» What to work on: Leaving nothing out, set down all the data exactly.

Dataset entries
^^^^^^^^

Lemma expsum_ode s m r c0 A a B b t z :
  s / 2 * a ^ 2 - m * a - r = 0 -> s / 2 * b ^ 2 - m * b - r = 0 ->
  - r * expsum c0 A a B b t z - m * expsum 0 (A * a) a (B * b) b t z
    + s / 2 * expsum 0 (A * a * a) a (B * b * b) b t z = - r * c0.
Proof.
intros Ha Hb. unfold expsum.
transitivity (- r * c0 + A * exp (a * (z - t)) * (s / 2 * a ^ 2 - m * a - r)
  + B * exp (b * (z - t)) * (s / 2 * b ^ 2 - m * b - r)); [ring |].
rewrite Ha, Hb. ring.
Qed.

Lemma expsum_abs_le c0 A a B b t z :
  Rabs (expsum c0 A a B b t z)
  <= Rabs c0 + Rabs A * exp (a * (z - t)) + Rabs B * exp (b * (z - t)).
Proof.
unfold expsum. eapply Rle_trans; [apply Rabs_triang |].
rewrite !Rabs_mult, (Rabs_pos_eq (exp (b * (z - t)))) by (left; apply exp_pos).
apply Rplus_le_compat_r. eapply Rle_trans; [apply Rabs_triang |].
rewrite Rabs_mult, (Rabs_pos_eq (exp (a * (z - t)))) by (left; apply exp_pos). lra.
Qed.

Section Theta.
Variables (mu sigma r u : R).
Hypotheses (Hsigma : 0 < sigma) (Hr : 0 < r).

Let S := sqrt ((mu - u) ^ 2 + 2 * r * sigma ^ 2).

Let sigma2_pos : 0 < sigma ^ 2.
Proof. apply pow_lt. exact Hsigma. Qed.

Let S_sqr : S * S = (mu - u) ^ 2 + 2 * r * sigma ^ 2.
Proof.
unfold S. apply sqrt_sqrt.
generalize (pow2_ge_0 (mu - u)) (Rmult_lt_0_compat _ _ Hr sigma2_pos). lra.
Qed.

Let S_gt : - S < mu - u < S.
Proof.
assert (0 <= S) by apply sqrt_pos. assert (HS := S_sqr).
assert (0 < 2 * r * sigma ^ 2) by (generalize (Rmult_lt_0_compat _ _ Hr sigma2_pos); lra).
split; nra.
Qed.

Lemma theta1_pos : 0 < theta1 mu sigma r u.
Proof.
unfold theta1. fold S. apply Rdiv_lt_0_compat; [| exact sigma2_pos]. generalize S_gt. lra.
Qed.

Lemma theta2_pos : 0 < theta2 mu sigma r u.
Proof.
unfold theta2. fold S. apply Rdiv_lt_0_compat; [| exact sigma2_pos]. generalize S_gt. lra.
Qed.

Lemma theta1_char :
  sigma ^ 2 / 2 * theta1 mu sigma r u ^ 2 - (mu - u) * theta1 mu sigma r u - r = 0.
Proof.
unfold theta1. fold S.
transitivity ((S * S - (mu - u) ^ 2 - 2 * r * sigma ^ 2) / (2 * sigma ^ 2)); [field; lra |].
rewrite S_sqr. field. lra.
Qed.

Lemma theta2_char :
  sigma ^ 2 / 2 * (- theta2 mu sigma r u) ^ 2 - (mu - u) * (- theta2 mu sigma r u) - r = 0.
Proof.
unfold theta2. fold S.
transitivity ((S * S - (mu - u) ^ 2 - 2 * r * sigma ^ 2) / (2 * sigma ^ 2)); [field; lra |].
rewrite S_sqr. field. lra.
Qed.

Lemma inv_theta1_sub_inv_theta2 :
  / theta1 mu sigma r u - / theta2 mu sigma r u = - (mu - u) / r.
Proof.
assert (H1 := theta1_pos). assert (H2 := theta2_pos).
assert (Hprod : theta1 mu sigma r u * theta2 mu sigma r u = 2 * r / sigma ^ 2).
{ unfold theta1, theta2. fold S.
  transitivity ((S * S - (mu - u) ^ 2) / (sigma ^ 2 * sigma ^ 2)); [field; lra |].
  rewrite S_sqr. field. lra. }
assert (Hdiff : theta1 mu sigma r u - theta2 mu sigma r u = 2 * (mu - u) / sigma ^ 2)
  by (unfold theta1, theta2; field; lra).
transitivity (- (theta1 mu sigma r u - theta2 mu sigma r u)
  / (theta1 mu sigma r u * theta2 mu sigma r u)); [field; lra |].
rewrite Hprod, Hdiff. field. lra.
Qed.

^^^^^^^^

» Response to this task:
Lemma expsum_ode s m r c0 A a B b t z :
  s / 2 * a ^ 2 - m * a - r = 0 -> s / 2 * b ^ 2 - m * b - r = 0 ->
  - r * expsum c0 A a B b t z - m * expsum 0 (A * a) a (B * b) b t z
    + s / 2 * expsum 0 (A * a * a) a (B * b * b) b t z = - r * c0.
Proof.
intros Ha Hb. unfold expsum.
transitivity (- r * c0 + A * exp (a * (z - t)) * (s / 2 * a ^ 2 - m * a - r)
  + B * exp (b * (z - t)) * (s / 2 * b ^ 2 - m * b - r)); [ring |].
rewrite Ha, Hb. ring.
Qed.

Lemma expsum_abs_le c0 A a B b t z :
  Rabs (expsum c0 A a B b t z)
  <= Rabs c0 + Rabs A * exp (a * (z - t)) + Rabs B * exp (b * (z - t)).
Proof.
unfold expsum. eapply Rle_trans; [apply Rabs_triang |].
rewrite !Rabs_mult, (Rabs_pos_eq (exp (b * (z - t)))) by (left; apply exp_pos).
apply Rplus_le_compat_r. eapply Rle_trans; [apply Rabs_triang |].
rewrite Rabs_mult, (Rabs_pos_eq (exp (a * (z - t)))) by (left; apply exp_pos). lra.
Qed.

Section Theta.
Variables (mu sigma r u : R).
Hypotheses (Hsigma : 0 < sigma) (Hr : 0 < r).

Let S := sqrt ((mu - u) ^ 2 + 2 * r * sigma ^ 2).

Let sigma2_pos : 0 < sigma ^ 2.
Proof. apply pow_lt. exact Hsigma. Qed.

Let S_sqr : S * S = (mu - u) ^ 2 + 2 * r * sigma ^ 2.
Proof.
unfold S. apply sqrt_sqrt.
generalize (pow2_ge_0 (mu - u)) (Rmult_lt_0_compat _ _ Hr sigma2_pos). lra.
Qed.

Let S_gt : - S < mu - u < S.
Proof.
assert (0 <= S) by apply sqrt_pos. assert (HS := S_sqr).
assert (0 < 2 * r * sigma ^ 2) by (generalize (Rmult_lt_0_compat _ _ Hr sigma2_pos); lra).
split; nra.
Qed.

Lemma theta1_pos : 0 < theta1 mu sigma r u.
Proof.
unfold theta1. fold S. apply Rdiv_lt_0_compat; [| exact sigma2_pos]. generalize S_gt. lra.
Qed.

Lemma theta2_pos : 0 < theta2 mu sigma r u.
Proof.
unfold theta2. fold S. apply Rdiv_lt_0_compat; [| exact sigma2_pos]. generalize S_gt. lra.
Qed.

Lemma theta1_char :
  sigma ^ 2 / 2 * theta1 mu sigma r u ^ 2 - (mu - u) * theta1 mu sigma r u - r = 0.
Proof.
unfold theta1. fold S.
transitivity ((S * S - (mu - u) ^ 2 - 2 * r * sigma ^ 2) / (2 * sigma ^ 2)); [field; lra |].
rewrite S_sqr. field. lra.
Qed.

Lemma theta2_char :
  sigma ^ 2 / 2 * (- theta2 mu sigma r u) ^ 2 - (mu - u) * (- theta2 mu sigma r u) - r = 0.
Proof.
unfold theta2. fold S.
transitivity ((S * S - (mu - u) ^ 2 - 2 * r * sigma ^ 2) / (2 * sigma ^ 2)); [field; lra |].
rewrite S_sqr. field. lra.
Qed.

Lemma inv_theta1_sub_inv_theta2 :
  / theta1 mu sigma r u - / theta2 mu sigma r u = - (mu - u) / r.
Proof.
assert (H1 := theta1_pos). assert (H2 := theta2_pos).
assert (Hprod : theta1 mu sigma r u * theta2 mu sigma r u = 2 * r / sigma ^ 2).
{ unfold theta1, theta2. fold S.
  transitivity ((S * S - (mu - u) ^ 2) / (sigma ^ 2 * sigma ^ 2)); [field; lra |].
  rewrite S_sqr. field. lra. }
assert (Hdiff : theta1 mu sigma r u - theta2 mu sigma r u = 2 * (mu - u) / sigma ^ 2)
  by (unfold theta1, theta2; field; lra).
transitivity (- (theta1 mu sigma r u - theta2 mu sigma r u)
  / (theta1 mu sigma r u * theta2 mu sigma r u)); [field; lra |].
rewrite Hprod, Hdiff. field. lra.
Qed.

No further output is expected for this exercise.